EDITORIAL: LUPD should look inward

Jacqueline Galli, Editor in Chief

While we are grateful the disciplinary consequences were dropped from Maroon reporter Kloe Witt and that Interim President the Rev. Justin Daffron, S.J. wrote that the student conduct hearing process would see some revisions, another major issue has been brought to light as a result of the situation which has yet to be addressed.

Are the Loyola police properly trained and aware of their own policies?

When the Loyola University Police Department gave information to Witt on the evening of Luke Sahs’ arrest on campus, but then went on to file Code of Conduct charges against her for that very conversation, there seems to be one of two explanations for why their conversation with her became so controversial. Either they knowingly overshared with a reporter and later regretted it, or they let a stranger into their locked headquarters without any sort of identification and shared private information without knowing who they were giving it to.

We raise this second option because they acted like they had no idea they were talking to a reporter. They were acting like they had no idea Witt worked for the Maroon, even though we called ahead and said she was coming, and she identified herself at the door.

If the former of these two possibilities was the case, then their student conduct complaint against Witt is alarmingly unethical, because it shows they are knowingly punishing a reporter for a mistake LUPD itself made. There is no expectation of privacy when speaking to a reporter unless you ask, and the reporter agrees to allow the interview to be off the record. Under these strange twistings of the Code of Conduct, perhaps Kloe Witt should have filed a complaint against LUPD, since she was not asked to be recorded by video surveillance.

The door was locked. The police only let Witt in because she identified herself as a reporter. Period. She didn’t pick the lock. She didn’t rappel from the roof “Mission Impossible” style. The police let her in because she said she was there to report on a story. Then the police went on to tell her about the arrest. It was only after the story came out that they later called into question some details in her reporting, only to find out that she could back up everything she wrote in her story with her recording.

Then, and only then, did they object to the fact that she recorded them. They got caught oversharing. Then they tried to throw her under the bus.

Regardless of what happened, the real and only reasonable solution should have been better training for the officers, and not penalizing an 18-year-old reporter through the campus disciplinary process. If an officer overshares in an interview, it isn’t the reporter’s fault. Punishing her because the officer regrets what he told her is the height of hypocrisy.

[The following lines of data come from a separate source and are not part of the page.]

Lemma pp_iso_level P Q : pp_iso P Q -> level P = level Q.
Proof.
move=> [f [[g fK gK] [_ fr]]]; rewrite /level.
set F := fun p : pp_T P * pp_T P => (f p.1, f p.2).
have F_inj : injective F by move=> [a b] [c d] [/(can_inj fK) -> /(can_inj fK) ->].
suff -> : [set p : pp_T Q * pp_T Q | pp_ltr p.1 p.2] =
         F @: [set p : pp_T P * pp_T P | pp_ltr p.1 p.2] by rewrite card_imset.
apply/setP => -[a b]; apply/idP/idP.
  rewrite inE /pp_ltr /= => ltab; apply/imsetP; exists (g a, g b).
    by rewrite inE /pp_ltr /= -fr !gK (can_eq gK).
  by rewrite /F /= !gK.
move=> /imsetP [[c d]]; rewrite inE /pp_ltr /= => ltcd [-> ->].
by rewrite inE /pp_ltr /= fr (can_eq fK).
Qed.

(* The hypotheses make the new
   relations transitive: nothing lies h-strictly between x and y, and every
   r-predecessor of x (r-successor of y) is one of y (of x). *)
Section FlipEdge.
Variable P : PlanePoset.
Local Notation T := (pp_T P).
Variables x y : T.
Hypothesis xy : x != y.
Hypothesis hxy : leh x y.
Hypothesis no_leh_between : forall z, z != x -> z != y -> leh x z -> leh z y -> False.
Hypothesis ler_pred_x : forall u, u != x -> ler u x -> ler u y.
Hypothesis ler_succ_y : forall v, v != y -> ler y v -> ler x v.

Definition leh_flip (a b : T) := leh a b && ~~ ((a == x) && (b == y)).
Definition ler_flip (a b : T) := ler a b || ((a == x) && (b == y)).

Lemma leh_flip_refl : reflexive leh_flip.
Proof.
move=> a; rewrite /leh_flip leh_refl /=.
by apply/negP => /andP[/eqP -> /eqP e]; move: xy; rewrite e eqxx.
Qed.

Lemma leh_flip_anti : antisymmetric leh_flip.
Proof. by move=> a b /andP[/andP[h1 _] /andP[h2 _]]; apply: leh_asym h1 h2. Qed.

Lemma leh_flip_trans : transitive leh_flip.
Proof.
move=> b a c /andP[h1 n1] /andP[h2 n2]; rewrite /leh_flip (lehT h1 h2) /=.
apply/negP => /andP[/eqP ea /eqP ec]; subst a c.
apply: (no_leh_between (z:=b)) => //.
- by apply/eqP => eb; subst b; move: n2; rewrite !eqxx.
- by apply/eqP => eb; subst b; move: n1; rewrite !eqxx.
Qed.

Lemma ler_flip_refl : reflexive ler_flip.
Proof. by move=> a; rewrite /ler_flip ler_refl. Qed.

Lemma ler_flip_anti : antisymmetric ler_flip.
Proof.
move=> a b /andP[]; rewrite /ler_flip.
case/orP => [r1|/andP[/eqP ea /eqP eb]]; case/orP => [r2|/andP[/eqP eb' /eqP ea']].
- exact: ler_asym r1 r2.
- by subst; exfalso; apply: (leh_ler_exclusive xy); rewrite ?hxy ?r1 ?orbT.
- by subst; exfalso; apply: (leh_ler_exclusive xy); rewrite ?hxy ?r2 ?orbT.
- by subst; move: xy; rewrite eqxx.
Qed.

Lemma ler_flip_trans : transitive ler_flip.
Proof.
move=> b a c; rewrite /ler_flip.
case/orP => [r1|/andP[/eqP ea /eqP eb]]; case/orP => [r2|/andP[/eqP eb' /eqP ec]].
- by rewrite (lerT r1 r2).
- subst b c; case: (eqVneq a x) => [->|ax]; first by rewrite !eqxx orbT.
  by rewrite (ler_pred_x ax r1).
- subst a b; case: (eqVneq c y) => [->|cy]; first by rewrite !eqxx orbT.
  by rewrite (ler_succ_y cy r2).
- by subst; move: xy; rewrite eqxx.
Qed.

Lemma flip_plane (a b : T) : a != b ->
  (leh_flip a b || leh_flip b a) = ~~ (ler_flip a b || ler_flip b a).
Proof.
have hyx : leh y x = false.
  by apply/negP => h; move: xy; rewrite (leh_asym hxy h) eqxx.
move=> ab; rewrite /leh_flip /ler_flip.
have [/andP[/eqP ea /eqP eb]|nxy] := boolP ((a == x) && (b == y)).
  by subst a b; rewrite hyx /= orbT andbF.
have [/andP[/eqP eb /eqP ea]|nyx] := boolP ((b == x) && (a == y)).
  by subst a b; rewrite hyx /= andbF !orbT.
by rewrite /= !andbT !orbF; apply: pp_plane.
Qed.

Definition flip_edge : PlanePoset :=
  @Build_PlanePoset T leh_flip ler_flip leh_flip_refl leh_flip_anti
    leh_flip_trans ler_flip_refl ler_flip_anti ler_flip_trans flip_plane.

Lemma pp_le_flip_edge (a b : T) : @pp_le flip_edge a b = pp_le a b.
Proof.
rewrite /pp_le /= /leh_flip /ler_flip.
have [/andP[/eqP -> /eqP ->]|nxy] := boolP ((a == x) && (b == y)).
  by rewrite hxy !orbT.
by rewrite andbT orbF.
Qed.

Lemma level_flip_edge : level flip_edge = (level P).+1.
Proof.
rewrite /level.
have -> : [set p : pp_T flip_edge * pp_T flip_edge | pp_ltr p.1 p.2] =
          (x, y) |: [set p : T * T | pp_ltr p.1 p.2].
  apply/setP => -[a b]; rewrite !inE /pp_ltr /= /ler_flip xpair_eqE.
  have [/andP[/eqP -> /eqP ->]|nxy] := boolP ((a == x) && (b == y)).
    by rewrite xy orbT.
  by rewrite !orbF.
rewrite cardsU1 inE /pp_ltr /= xy /=.
case rxy: (ler x y) => //; exfalso.
by apply: (leh_ler_exclusive xy); rewrite ?hxy ?rxy ?orbT.
Qed.

Lemma pp_leq_flip_edge : pp_leq P flip_edge.
Proof.
exists id; split; first exact: (Bijective (g:=id)).
by split=> a b; [rewrite pp_le_flip_edge | case/andP].
Qed.

End FlipEdge.

Section Discrepancy.
Variables (P Q : PlanePoset) (th : pp_T P -> pp_T Q).
Hypothesis th_bij : bijective th.
Hypothesis pp_le_th : forall a b, pp_le (th a) (th b) = pp_le a b.
Hypothesis leh_th : forall a b, leh (th a) (th b) -> leh a b.
Local Notation T := (pp_T P).
Implicit Types a b : T.

Definition discrepant a b := [&& a != b, leh a b & ~~ leh (th a) (th b)].

Lemma th_neq a b : a != b -> th a != th b.
Proof. by rewrite (inj_eq (bij_inj th_bij)). Qed.

Lemma ler_th_discrepant a b : leh a b -> ~~ leh (th a) (th b) -> ler (th a) (th b).
Proof. by move=> h nh; have := pp_le_th a b; rewrite /pp_le h (negbTE nh). Qed.

Lemma ler_th a b : a != b -> ler a b -> ler (th a) (th b).
Proof.
move=> ab r; have := pp_le_th a b; rewrite /pp_le r orbT.
case E: (leh (th a) (th b)) => //= _; exfalso.
by apply: (leh_ler_exclusive ab); rewrite ?(leh_th E) ?r ?orbT.
Qed.

Lemma nondiscrepant_iso : (forall a b, ~~ discrepant a b) -> pp_iso P Q.
Proof.
move=> nd; exists th; split=> //.
have leh_thE a b : leh (th a) (th b) = leh a b.
  apply/idP/idP; first exact: leh_th.
  case: (eqVneq a b) => [-> _|ab h]; first by rewrite leh_refl.
  by move: (nd a b); rewrite /discrepant ab h /= negbK.
split=> // a b; apply/idP/idP; case: (eqVneq a b) => [-> _|ab r];
  rewrite ?ler_refl //; last exact: ler_th.
have hab : leh a b = false.
  rewrite -leh_thE; apply/negP => h.
  by apply: (leh_ler_exclusive (th_neq ab)); rewrite ?h ?r ?orbT.
by move: (pp_le_th a b); rewrite /pp_le r orbT hab.
Qed.

Lemma pp_leq_flip_edge_th x y (xy : x != y) (hxy : leh x y)
    no_between ler_pred ler_succ :
  ~~ leh (th x) (th y) -> pp_leq (flip_edge xy hxy no_between ler_pred ler_succ) Q.
Proof.
move=> nq; exists th; split=> //; split=> a b; first by rewrite pp_le_th pp_le_flip_edge.
move=> h; rewrite /= /leh_flip (leh_th h) /=.
by apply: contraNN nq => /andP[/eqP <- /eqP <-].
Qed.

Variables x y : T.
Hypothesis discrepant_xy : discrepant x y.
Hypothesis between_min : forall a b, discrepant a b ->
  #|between x y| <= #|between a b|.

Lemma discrepant_shorter a b : #|between a b| < #|between x y| -> ~~ discrepant a b.
Proof. by move=> lt; apply/negP => /between_min; rewrite leqNgt lt. Qed.

Lemma min_discrepant_no_leh_between z :
  z != x -> z != y -> leh x z -> leh z y -> False.
Proof.
have /and3P[_ _ nq] := discrepant_xy.
move=> zx zy hxz hzy.
have lxz : lthr x z by rewrite /lthr eq_sym zx hxz.
have lzy : lthr z y by rewrite /lthr zy hzy.
case E: (leh (th x) (th z)).
  apply: (negP (discrepant_shorter (card_between_ltr lxz lzy))).
  rewrite /discrepant zy hzy /=; apply/negP => E2.
  by move: nq; rewrite (lehT E E2).
apply: (negP (discrepant_shorter (card_between_ltl lxz lzy))).
by rewrite /discrepant eq_sym zx hxz E.
Qed.

Lemma min_discrepant_ler_pred u : u != x -> ler u x -> ler u y.
Proof.
have /and3P[xy hxy nq] := discrepant_xy.
move=> ux rux; case ruy: (ler u y) => //; exfalso.
have uy : u != y.
  by apply: contraNneq xy => euy; subst u; rewrite ler_refl in ruy.
have huy : leh u y.
  case/or4P: (leh_ler_total uy) => h //; exfalso.
  - by apply: (leh_ler_exclusive ux); rewrite ?(lehT hxy h) ?rux ?orbT.
  - by rewrite h in ruy.
  - by apply: (leh_ler_exclusive xy); rewrite ?hxy ?(lerT h rux) ?orbT.
have lxu : lthr x u by rewrite /lthr eq_sym ux rux orbT.
have luy : lthr u y by rewrite /lthr uy huy.
apply: (negP (discrepant_shorter (card_between_ltr lxu luy))).
rewrite /discrepant uy huy /=; apply/negP => E.
have r := lerT (ler_th ux rux) (ler_th_discrepant hxy nq).
by apply: (leh_ler_exclusive (th_neq uy)); rewrite ?E ?r ?orbT.
Qed.

Lemma min_discrepant_ler_succ v : v != y -> ler y v -> ler x v.
Proof.
have /and3P[xy hxy nq] := discrepant_xy.
move=> vy ryv; case rxv: (ler x v) => //; exfalso.
have xv : x != v.
  by apply: contraNneq vy => exv; subst v; rewrite ler_refl in rxv.
have hxv : leh x v.
  case/or4P: (leh_ler_total xv) => h //; exfalso.
  - by apply: (leh_ler_exclusive vy); rewrite ?(lehT h hxy) ?ryv ?orbT.
  - by rewrite h in rxv.
  - by apply: (leh_ler_exclusive xy); rewrite ?hxy ?(lerT ryv h) ?orbT.
have lxv : lthr x v by rewrite /lthr xv hxv.
have lvy : lthr v y by rewrite /lthr vy ryv orbT.
apply: (negP (discrepant_shorter (card_between_ltl lxv lvy))).
rewrite /discrepant xv hxv /=; apply/negP => E.
have yv : y != v by rewrite eq_sym.
have r := lerT (ler_th_discrepant hxy nq) (ler_th yv ryv).
by apply: (leh_ler_exclusive (th_neq xv)); rewrite ?E ?r ?orbT.
Qed.

End Discrepancy.

Lemma hasse_edge_level P Q : hasse_edge P Q -> level Q = (level P).+1.
Proof.
move=> [[th [th_bij [pp_le_th leh_th]]] [not_iso covers]].
case: (pickP (fun p => discrepant th p.1 p.2)) => [p0 disc_p0 | nodisc]; last first.
  by case: not_iso; apply: (nondiscrepant_iso th_bij pp_le_th leh_th) => a b;
    rewrite (nodisc (a, b)).
case: (@arg_minnP _ p0 (fun p => discrepant th p.1 p.2)
                  (fun p => #|between p.1 p.2|) disc_p0) => -[x y] /= disc_xy min_xy.
have between_min a b := min_xy (a, b).
have /and3P[xy hxy nq] := disc_xy.
pose R := flip_edge xy hxy
  (min_discrepant_no_leh_between disc_xy between_min)
  (min_discrepant_ler_pred th_bij pp_le_th leh_th disc_xy between_min)
  (min_discrepant_ler_succ th_bij pp_le_th leh_th disc_xy between_min).
have P_R : pp_leq P R := pp_leq_flip_edge _ _ _ _ _.
have R_Q : pp_leq R Q := pp_leq_flip_edge_th th_bij pp_le_th leh_th _ _ _ _ _ nq.
have [R_iso_P | R_iso_Q] := covers R P_R R_Q.
  by move: (pp_iso_level R_iso_P); rewrite level_flip_edge; lia.
by rewrite -(pp_iso_level R_iso_Q) level_flip_edge.
Qed.

Lemma level_hasse_path (k : nat) (s : nat -> PlanePoset) :
  (forall i, i < k -> hasse_edge (s i) (s i.+1)) -> level (s k) = level (s 0) + k.
Proof.
move=> edges; suff level_sj j : j <= k -> level (s j) = level (s 0) + j by apply: level_sj.
elim: j => [|j IH] jk; first by rewrite addn0.
by rewrite (hasse_edge_level (edges j jk)) IH ?addnS // ltnW.
Qed.

Theorem proposition27 (P Q : PlanePoset) :
  pp_leq P Q ->
  forall (k : nat) (s : nat -> PlanePoset),
    pp_iso (s 0) P -> pp_iso (s k) Q ->
    (forall i, i < k -> hasse_edge (s i) (s i.+1)) ->
    (k%:Z = (level Q)%:Z - (level P)%:Z)%R.
Proof.
move=> _ k s iso0 isok edges.
rewrite -(pp_iso_level iso0) -(pp_iso_level isok) (level_hasse_path edges).
by lia.
Qed.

We cannot forget that Loyola police are state-commissioned officers. They carry guns. If they aren’t properly trained on their own policies, it’s concerning what that could mean for the Loyola community. Are we safe?

Another unsettling piece of the story is that not a single officer even showed up for Witt’s student conduct hearing which their complaint led to. Witt was never given the opportunity to face her accuser, a right guaranteed to her by the university’s Code of Conduct. In fact, Witt didn’t know who filed the complaint until weeks after the hearing had passed.

But perhaps LUPD does deserve some understanding. If we were as cowardly as they acted in this case, maybe we wouldn’t have shown up to the hearing either.